Time series clustering
Just as one last example on time series analysis for this module and mainly for demonstrating that this module only tipped a very small set of analysis concepts out there, we will have a glimpse on time series clustering. To illustrate this concept, we will again use the (mean monthly) air temperature record of the weather station in Cölbe (which is closest to the Marburg university forest). The data has been supplied by the German Weather Service. For simplicity, we will remove the first six entries (July to December 2006 to have full years).
tam <- tam[-(1:6),]
tam$Date <- strptime(paste0(tam$Date, "010000"), format = "%Y%m%d%H%M", tz = "UTC")

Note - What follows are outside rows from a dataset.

(* Let $R$ be a commutative ring with identity that is not an integral domain. Then $\gamma_t(\Gamma(R)) = 1$ if and only if $Z(R)$ is an annihilator ideal, i.e., $Z(R) = \operatorname{ann}(a)$ for some $a \in R$.
   Context: All rings are commutative with identity. $Z(R)$ is the set of zero-divisors, $Z(R)^*=Z(R)\setminus\{0\}$, and $\operatorname{ann}(a)=\{x\in R: ax=0\}$. The zero-divisor graph $\Gamma(R)$ has vertex set $Z(R)^*$; distinct $r,s$ are adjacent iff $rs=0$, and $x$ is adjacent to itself iff $x^2=0$. A total dominating set is a set $X\subseteq Z(R)^*$ such that every vertex $v$ is adjacent to some $x\in X$ (self-adjacency counts); $\gamma_t(\Gamma(R))$ is the minimum cardinality of a total dominating set. *)

From mathcomp Require Import all_boot all_algebra.
Set Implicit Arguments. Unset Strict Implicit. Unset Printing Implicit Defensive.
Import GRing.Theory.
Local Open Scope ring_scope.

(* R : comNzRingType = commutative ring with identity, 1 <> 0. *)

Definition zero_divisor (R : comNzRingType) (x : R) : Prop :=
  exists y : R, y != 0 /\ x * y = 0.

Definition zd_vertex (R : comNzRingType) (x : R) : Prop :=
  x != 0 /\ zero_divisor x.

Definition ann (R : comNzRingType) (a : R) : R -> Prop := fun x => a * x = 0.

Definition zdg_adj (R : comNzRingType) (r s : R) : Prop :=
  (r != s /\ r * s = 0) \/ (r = s /\ r * r = 0).

(* R is an integral domain (R nontrivial is built into comNzRingType). *)
Definition is_integral_domain (R : comNzRingType) : Prop :=
  forall a b : R, a * b = 0 -> a = 0 \/ b = 0.

Definition total_dominating (R : comNzRingType) (X : R -> Prop) : Prop :=
  (forall x, X x -> zd_vertex x) /\
  (forall v, zd_vertex v -> exists x, X x /\ zdg_adj v x).

(* gamma_t(Gamma(R)) = n (for a natural number n): there is a total
   dominating set with exactly n elements, and every total dominating set
   has at least n elements (finite ones: at least n listed distinct
   elements; infinite ones trivially have cardinality >= n). *)
Definition total_domination_number_is (R : comNzRingType) (n : nat) : Prop :=
  (exists s : seq R, uniq s /\ size s = n /\
      total_dominating (fun x => x \in s)) /\
  (forall X : R -> Prop, total_dominating X ->
     forall m : nat, (m < n)%N ->
       ~ (exists s : seq R, uniq s /\ size s = m /\ forall x, X x <-> x \in s)).

From mathcomp Require Import all_boot all_algebra.
From Stdlib Require Import Classical.
Local Open Scope ring_scope.
Import GRing.Theory.

Set Implicit Arguments.
Unset Strict Implicit.
Unset Printing Implicit Defensive.

(* If gamma_t = 1 with dominating vertex a, every vertex is adjacent to a,
   so Z(R) = ann(a). Conversely, if Z(R) = ann(a) then a is a nonzero
   zero-divisor (ann(a) contains the zero-divisors of a non-domain but not 1),
   a is adjacent to every vertex, and a total dominating set is never empty
   because Gamma(R) has a vertex. *)

Section ZeroDivisorGraph.

Variable R : comNzRingType.

Lemma not_integral_domain_vertex : ~ is_integral_domain R -> exists v : R, zd_vertex v.
Proof.
move=> nD; apply: NNPP => noV; apply: nD => a b ab.
case: (eqVneq a 0) => [->|a0]; first by left.
case: (eqVneq b 0) => [->|b0]; first by right.
by case: noV; exists a; split=> //; exists b.
Qed.

Lemma zdg_adj_mul0 (r s : R) : zdg_adj r s -> r * s = 0.
Proof. by case=> [[_ rs] | [-> ss]]. Qed.

Lemma not_zero_divisor1 : ~ zero_divisor (1 : R).
Proof. by case=> y [/negP y0]; rewrite mul1r => /eqP. Qed.

Lemma total_dominating_nonempty (X : R -> Prop) :
  (exists v : R, zd_vertex v) -> total_dominating X -> exists x, X x.
Proof. by move=> [v Vv] [_ /(_ v Vv) [x [Xx _]]]; exists x. Qed.

Lemma total_dominating1_ann (a : R) :
  total_dominating (fun x => x \in [:: a]) ->
  forall x : R, zero_divisor x <-> ann a x.
Proof.
move=> [Xv Xd] x; split=> [zx | ax].
- case: (eqVneq x 0) => [->|x0]; first by rewrite /ann mulr0.
  have [y [/[!inE] /eqP -> /zdg_adj_mul0 xa]] := Xd x (conj x0 zx).
  by rewrite /ann mulrC.
- have [a0 _] := Xv a (mem_head _ _).
  by exists a; rewrite mulrC.
Qed.

Lemma ann_zero_divisors_vertex (a : R) :
  (exists v : R, zd_vertex v) ->
  (forall x : R, zero_divisor x <-> ann a x) -> zd_vertex a.
Proof.
move=> [v [v0 zv]] Za; split.
- apply/negP => /eqP a0; apply: not_zero_divisor1.
  by apply/Za; rewrite /ann a0 mul0r.
- by exists v; split=> //; apply/Za.
Qed.

Lemma ann_zero_divisors_total_dominating (a : R) :
  zd_vertex a -> (forall x : R, zero_divisor x <-> ann a x) ->
  total_dominating (fun x => x \in [:: a]).
Proof.
move=> Va Za; split=> [x /[!inE] /eqP -> // | v [_ zv]].
exists a; split; first by rewrite inE.
have va : v * a = 0 by rewrite mulrC; apply/Za.
by case: (eqVneq v a) va => [->|neq] va; [right | left].
Qed.

Lemma total_domination_number1 (a : R) :
  (exists v : R, zd_vertex v) -> total_dominating (fun x => x \in [:: a]) ->
  total_domination_number_is R 1.
Proof.
move=> V Xa; split; first by exists [:: a].
move=> X TX m; rewrite ltnS leqn0 => /eqP -> [s [_ [/size0nil -> Xs]]].
by have [x /Xs] := total_dominating_nonempty V TX.
Qed.

End ZeroDivisorGraph.

Theorem theorem3p2 (R : comNzRingType) :
  ~ is_integral_domain R ->
  (total_domination_number_is R 1 <->
   exists a : R, forall x : R, zero_divisor x <-> ann a x).
Proof.
move=> /not_integral_domain_vertex V; split.
- move=> [[[|a [|? ?]] [_ [//= _ Ta]]] _].
  by exists a; apply: total_dominating1_ann.
- move=> [a Za].
  apply: (total_domination_number1 V).
  exact: ann_zero_divisors_total_dominating (ann_zero_divisors_vertex V Za) Za.
Qed.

plot(tam$Date, tam$Ta, type = "l")
The major risk in time series clustering (or any other clustering) is that we cluster something, which actually does not have any kind of “real” groups. Hence, the most important part to remember is that cluster algorithms will always identify clusters no matter if they really exist. As a consequence: never use clustering if you are not sure that there definitively are groups in the data. Moreover, clustering is generally applied only if you have more than one time series from more than one location.
Of course there is no rule without exception and the one exception here is: if you want to show some code and do not want to introduce a new dataset just for this last example, you can use it on a dataset where you have no glimps of a grouping as long as you are not the one who gets the grading in the end.
Aside from having no idea if we have a grouping and aside that we have only one single station record, let’s have a look at the above time series. There might be a difference between 2010 and the rest of the years since 2010 shows very warm summer and cold winter temperatures. To start with clustering, we will have to look at the individual years as different time series by transforming our data into a matrix with 12 columns (i.e. one for each month) and the required number of years. Thereby, we have to make sure that the original dataset is actually transformed into the matrix format by rows and not by columns. This will result in a matrix with one year per row:
tam_ta <- matrix(tam$Ta, ncol = 12, byrow = TRUE)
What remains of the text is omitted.